For patients with locally advanced or metastatic gastric GEJ adenocarcinoma, standard options include irinotecan, taxane, fluoropyrimidine, and platinum-based combination chemotherapy regimens.2 Immune checkpoint inhibitors have showcased encouraging activity across several malignancies, including gastric/GEJ adenocarcinoma.

In GI cancer cell lines, it was found that PD-L1 expression increases following treatment with 5-fluorouracil, which may indicate that the PD-1/PD-L1 axis could play a role in chemotherapy resistance. The monoclonal antibody tislelizumab has been shown to have a higher affinity to PD-1 than other immunotherapy agents like pembrolizumab (Keytruda) or nivolumab (Opdivo); this is because tislelizumab possesses a different binding orientation to PD-1. Although the binding surface on PD-1 partially overlaps with that of pembrolizumab, it significantly differs from that of nivolumab.

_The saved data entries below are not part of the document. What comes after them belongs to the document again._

Lemma expectation_ge0_le1 P A :
  is_dist P -> (forall x, 0 <= A x <= 1) -> 0 <= \sum_x P x * A x <= 1.
Proof.
case=> P_ge0 P_sum1 A01; apply/andP; split.
  by apply: sumr_ge0 => x _; rewrite mulr_ge0 // (andP (A01 x)).1.
rewrite -P_sum1; apply: ler_sum => x _.
by rewrite ler_piMr // (andP (A01 x)).2.
Qed.

Lemma expectation_gap P Q A B e :
  is_dist Q -> (forall x, 0 <= A x <= 1) -> (forall x, `|A x - B x| <= e) ->
  `|\sum_x P x * A x - \sum_x Q x * B x| <= L1 P Q + e.
Proof.
case=> Q_ge0 Q_sum1 A01 AB_le.
have -> : \sum_x P x * A x - \sum_x Q x * B x =
    \sum_x (P x - Q x) * A x + \sum_x Q x * (A x - B x).
  by rewrite -sumrB -big_split; apply: eq_bigr => x _ /=; ring.
apply: le_trans (ler_normD _ _) _; apply: lerD.
  apply: le_trans (ler_norm_sum _ _ _) _; apply: ler_sum => x _.
  have [A_ge0 A_le1] := andP (A01 x).
  by rewrite normrM (ger0_norm A_ge0) ler_piMr.
apply: le_trans (ler_norm_sum _ _ _) _.
rewrite -[e]mul1r -Q_sum1 mulr_suml; apply: ler_sum => x _.
by rewrite normrM ger0_norm // ler_wpM2l.
Qed.

Lemma L1_scheffe P Q : \sum_x P x = \sum_x Q x ->
  L1 Q P = 2 * \sum_(x | Q x <= P x) (P x - Q x).
Proof.
move=> sumPQ; have sumB0 : \sum_x (P x - Q x) = 0 by rewrite sumrB sumPQ subrr.
transitivity (\sum_x (`|Q x - P x| + (P x - Q x))).
  by rewrite big_split /= sumB0 addr0.
rewrite mulr_sumr [RHS]big_mkcond /=; apply: eq_bigr => x _.
by case: lerP => _; ring.
Qed.

End Distributions.

Section HypothesisTesting.
Variables (Sig : finType) (k : seq Sig -> nat) (R : realFieldType).
Implicit Types (T : test k) (r : responder k R).

Definition dist_responder r := forall j a, is_dist (r j a).

Lemma acc_prob_ge0_le1 T r : dist_responder r ->
  forall f hist, 0 <= acc_prob T r f hist <= 1.
Proof.
move=> r_dist; elim=> [|f IH] hist /=; first by case: t_dec; rewrite ?ler01 ?lexx.
case: t_next => [a|]; last by case: t_dec; rewrite ?ler01 ?lexx.
exact: expectation_ge0_le1.
Qed.

Lemma partial_fraction_succ (d : R) n :
  d / (n.+1 * n.+2)%:R + d / n.+2%:R = d / n.+1%:R.
Proof.
rewrite -[n.+2]addn1 -[n.+1]addn1 !natrM !natrD.
by field; rewrite !natr1 !pnatr_eq0.
Qed.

The agent was designed to minimize binding to FcyR on macrophages to repeal antibody-dependent phagocytosis. Data from earlier studies (NCT02407990; NCT03469557) showed that when the agent was used as a monotherapy or in combination with chemotherapy in this population, it was found to have favorable tolerability and promising antitumor activity.

The double-blind, global, placebo-controlled, phase 3 trial enrolled adult patients with histologically confirmed unresectable or metastatic gastric/GEJ adenocarcinoma, an ECOG performance status of 0 or 1, acceptable organ function, and at least 1 measurable lesion per RECIST v1.1 criteria. They needed to be able to provide either a fresh or archival tumor tissue sample for PD-L1 assessment.

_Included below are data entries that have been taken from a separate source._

Lemma partition_set0 P : partition P set0 = (P == set0).
Proof.
apply/idP/eqP => [/and3P[/eqP cP _ nP] | ->]; last first.
  by rewrite /partition /cover big_set0 eqxx inE andbT /=; apply/trivIsetP => A B; rewrite inE.
apply/setP => B; rewrite inE; apply/negbTE/negP => BP.
have : B \subset cover P by apply: bigcup_sup.
by rewrite cP subset0 => /eqP B0; rewrite -B0 BP in nP.
Qed.

Lemma partition_setU1 P D E : partition P D -> E != set0 -> [disjoint E & D] ->
  partition (E |: P) (E :|: D).
Proof.
case/and3P => /eqP cP tP nP En0 dED.
have EP : E \notin P.
  apply/negP => EP; case/set0Pn: En0 => x xE.
  have : x \in D by rewrite -cP; apply/bigcupP; exists E.
  by rewrite (disjointFr dED xE).
apply/and3P; split.
- by rewrite /cover big_setU1 //= -/(cover P) cP.
- by apply: trivIsetU; [exact: trivIset1 | exact: tP | rewrite cover1 cP].
- by rewrite !inE negb_or eq_sym En0.
Qed.

Lemma partition_setD1 P D B : partition P D -> B \in P -> partition (P :\ B) (D :\: B).
Proof.
case/and3P => /eqP cP tP nP BP; apply/and3P; split.
- by rewrite coverD1 // cP.
- exact: trivIsetS (subD1set _ _) tP.
- by rewrite !inE negb_and nP orbT.
Qed.

Definition blocksD P X := [set B :\: X | B in P] :\ set0.

Lemma blocksDP X P C :
  reflect (C != set0 /\ exists2 B, B \in P & C = B :\: X) (C \in blocksD P X).
Proof.
rewrite !inE; apply: (iffP andP) => [[h /imsetP[B BP eC]]|[h [B BP eC]]].
  by split => //; exists B.
by split => //; apply/imsetP; exists B.
Qed.

Lemma partition_blocksD X P D : partition P D -> partition (blocksD P X) (D :\: X).
Proof.
case/and3P => /eqP cP tP nP; apply/and3P; split.
- apply/eqP/setP => x; rewrite -cP inE; apply/bigcupP/andP.
    case=> C /blocksDP [_ [B BP ->]]; rewrite inE => /andP[xX xB].
    by split => //; apply/bigcupP; exists B.
  case=> xX /bigcupP [B BP xB]; exists (B :\: X); last by rewrite inE xX.
  apply/blocksDP; split; last by exists B.
  by apply/set0Pn; exists x; rewrite inE xX.
- apply/trivIsetP => C1 C2 /blocksDP[_ [B1 B1P ->]] /blocksDP[_ [B2 B2P ->]] ne.
  have ne' : B1 != B2 by apply: contraNneq ne => ->.
  by apply: disjointW (trivIsetP tP _ _ B1P B2P ne'); apply: subsetDl.
- by rewrite !inE eqxx.
Qed.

Patients could not have received prior systemic therapy for locally advanced, unresectable or metastatic disease, and they could not have squamous cell, undifferentiated, or other histological type of gastric cancer or a diagnosis of HER2-positive gastric/GEJ adenocarcinoma, they were excluded.

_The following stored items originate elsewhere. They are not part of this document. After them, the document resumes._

Lemma Smat_coef (i c : 'I_rho) : Smat r0 r1 r2 x i c = (srow_poly i)`_(rho - c.+1).
Proof.
have range_i := srow_range (ltn_ord i).
rewrite /srow_poly /srow_deg -E_entry_coef ?srow_blk_le2 //; last by lia.
by rewrite mxE /srow_blk; case: ifP => [_|]; rewrite ?subn0 //; case: ifP.
Qed.

Definition coef_row2 (p q : {poly Phi}) : 'rV[Phi]_(2 * rho) :=
  \row_(r < 2 * rho) if (r < rho)%N then p`_r else q`_(r - rho).

Lemma coef_row2_eq0 (p q : {poly Phi}) :
  (size p <= rho)%N -> (size q <= rho)%N -> coef_row2 p q = 0 -> p = 0 /\ q = 0.
Proof.
move=> szp szq /rowP row0; split.
  apply: (poly_eq0_coefs szp) => r lt_r; have lt_r2 : (r < 2 * rho)%N by lia.
  by have := row0 (Ordinal lt_r2); rewrite !mxE /= lt_r.
apply: (poly_eq0_coefs szq) => r lt_r; have lt_r2 : (rho + r < 2 * rho)%N by lia.
by have := row0 (Ordinal lt_r2); rewrite !mxE /= ltnNge leq_addr addKn.
Qed.

Lemma mul_coef_row2_Mmat (p q : {poly Phi}) (l : 'I_(2 * rho)) :
  (size p <= rho)%N -> (size q <= rho)%N ->
  (coef_row2 p q *m Mmat r0 r1 x) 0 l =
  match ups r0 r1 l with 0 => - (p + q).[x l] | 1 => p.[x l] | _ => q.[x l] end.
Proof.
move=> szp szq; pose F r := (if (r < rho)%N then p`_r else q`_(r - rho)) *
  (let i := if (r < rho)%N then r else (r - rho)%N in
   match ups r0 r1 l with
   | 0%N => - x l ^+ i
   | 1%N => if (r < rho)%N then x l ^+ i else 0
   | _ => if (r < rho)%N then 0 else x l ^+ i
   end).
rewrite mxE (eq_bigr (fun r : 'I_(2 * rho) => F r)) => [|r _]; last by rewrite !mxE.
rewrite big_ord_double /F.
under eq_bigr => r _ do rewrite ltn_ord.
under [X in _ + X]eq_bigr => r _ do rewrite ltnNge leq_addr /= addKn.
rewrite hornerD !(horner_coef_wide _ szp) !(horner_coef_wide _ szq).
case: (ups r0 r1 l) => [|[|k]].
- by rewrite opprD -!sumrN; congr (_ + _); apply: eq_bigr => r _; rewrite mulrN.
- by rewrite [X in _ + X]big1 ?addr0 // => r _; rewrite mulr0.
- by rewrite big1 ?add0r // => r _; rewrite mulr0.
Qed.

Definition srow_comb (w : 'rV[Phi]_rho) (m : nat) : {poly Phi} :=
  \sum_(i < rho | srow_blk i == m) w 0 i *: 'X^(srow_deg i).

Lemma size_srow_comb w m : (size (srow_comb w m) <= rho - rhom r0 r1 r2 m)%N.
Proof.
apply: (big_ind (fun p : {poly Phi} => size p <= _)%N) => [|p q szp szq|i /eqP <-].
- by rewrite size_poly0.
- by rewrite (leq_trans (size_polyD _ _)) // geq_max szp szq.
by rewrite (leq_trans (size_scale_leq _ _)) // size_polyXn srow_deg_lt.
Qed.

Lemma coef_srow_comb w (i : 'I_rho) :
  (srow_comb w (srow_blk i))`_(srow_deg i) = w 0 i.
Proof.
rewrite /srow_comb coef_sum (bigD1 i) //= coefZ coefXn eqxx mulr1 big1 ?addr0 //.
move=> j /andP[/eqP blk_j j_neq]; rewrite coefZ coefXn.
case: eqP => [deg_eq | _]; last by rewrite mulr0.
have /val_inj j_eq := srow_inj (ltn_ord j) (ltn_ord i) blk_j (esym deg_eq).
by rewrite j_eq eqxx in j_neq.
Qed.

Lemma srow_comb_sigma (w : 'rV[Phi]_rho) : \sum_(i < rho) w 0 i *: srow_poly i =
  srow_comb w 0 * sigma 0 + srow_comb w 1 * sigma 1 + srow_comb w 2 * sigma 2.
Proof.
rewrite (big_split3 _ (fun i : 'I_rho => srow_blk_le2 i)) /srow_comb !mulr_suml.
congr (_ + _ + _); apply: eq_big => // i /eqP blk_i.
all: by rewrite -scalerAl /srow_poly blk_i.
Qed.

Lemma mulmx_Smat_eq0 (w : 'rV[Phi]_rho) :
  w *m Smat r0 r1 r2 x = 0 -> \sum_(i < rho) w 0 i *: srow_poly i = 0.
Proof.
move=> /rowP wS0; apply: (poly_eq0_coefs (n := rho)).
  apply: (big_ind (fun p : {poly Phi} => size p <= rho)%N) => [|p q szp szq|i _].
  - by rewrite size_poly0.
  - by rewrite (leq_trans (size_polyD _ _)) // geq_max szp szq.
  by rewrite (leq_trans (size_scale_leq _ _)) ?size_srow_poly.
move=> e lt_e; have lt_c : (rho - e.+1 < rho)%N by lia.
have := wS0 (Ordinal lt_c); rewrite !mxE coef_sum => wS_c; rewrite -[RHS]wS_c.
apply: eq_bigr => i _; rewrite coefZ Smat_coef /=; congr (_ * _`__); lia.
Qed.

Lemma sigma_neq0 m : sigma m != 0.
Proof. exact/monic_neq0/monic_prod_XsubC. Qed.

Lemma det_Mmat_eq0 : \det (Smat r0 r1 r2 x) == 0 -> \det (Mmat r0 r1 x) == 0.
Proof.
case/det0P => w w_neq0 /mulmx_Smat_eq0; rewrite srow_comb_sigma => relQ.
have szQ m : (m <= 2)%N -> (size (srow_comb w m * sigma m)%R <= rho)%N.
  move=> m2; rewrite (leq_trans (size_polyMleq _ _)) // size_sigma //.
  by have := @size_srow_comb w m; have := rhom_lt m; lia.
set Q := srow_comb w in relQ szQ *.
(* Q_1 sigma_1 + Q_2 sigma_2 = - Q_0 sigma_0 vanishes on block 0. *)
apply/det0P; exists (coef_row2 (Q 1%N * sigma 1) (Q 2%N * sigma 2)).
  apply: contra w_neq0 => /eqP/(coef_row2_eq0 (szQ 1%N isT) (szQ 2%N isT))[Q1 Q2].
  have Q0 : Q 0%N * sigma 0 = 0 by move: relQ; rewrite Q1 Q2 !addr0.
  have Q_eq0 m : Q m * sigma m = 0 -> Q m = 0.
    by move/eqP; rewrite mulf_eq0 (negbTE (sigma_neq0 m)) orbF => /eqP.
  apply/eqP/rowP => i; rewrite mxE -coef_srow_comb -/Q.
  case: (srow_blk i) (srow_blk_le2 i) => [|[|[|]]] // _.
  - by rewrite (Q_eq0 _ Q0) coef0.
  - by rewrite (Q_eq0 _ Q1) coef0.
  - by rewrite (Q_eq0 _ Q2) coef0.
apply/rowP => l; rewrite mul_coef_row2_Mmat ?szQ // mxE.
have /eqP := root_sigma l; case: (ups r0 r1 l) (ups_le2 r0 r1 l) => [|[|[|]]] // _ root_l.
- rewrite (_ : _ + _ = - (Q 0%N * sigma 0)); last first.
    by apply/eqP; rewrite -addr_eq0 addrC addrA relQ.
  by rewrite hornerN hornerM root_l mulr0 !oppr0.
- by rewrite hornerM root_l mulr0.
- by rewrite hornerM root_l mulr0.
Qed.

Definition moment (u : 'cV[Phi]_(2 * rho)) (m e : nat) : Phi :=
  \sum_(l : 'I_(2 * rho) | ups r0 r1 l == m) x l ^+ e * u l 0.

Other exclusion criteria included having a history of gastrointestinal perforation and/or fistulae within 6 months before randomization, clinically significant bowel obstruction, any other active malignancy 2 years or less prior to randomization, or if they received prior therapy with a drug targeting T-cell co-stimulation or checkpoint pathways.

A total of 997 participants were randomized 1:1 to arm A, where they received intravenous (IV) tislelizumab at 200 mg every 3 weeks plus oxaliplatin and capecitabine or tislelizumab and cisplatin/5-fluorouracil (5-FU), or arm B, where they received placebo and oxaliplatin/capecitabine or placebo plus cisplatin/5-FU.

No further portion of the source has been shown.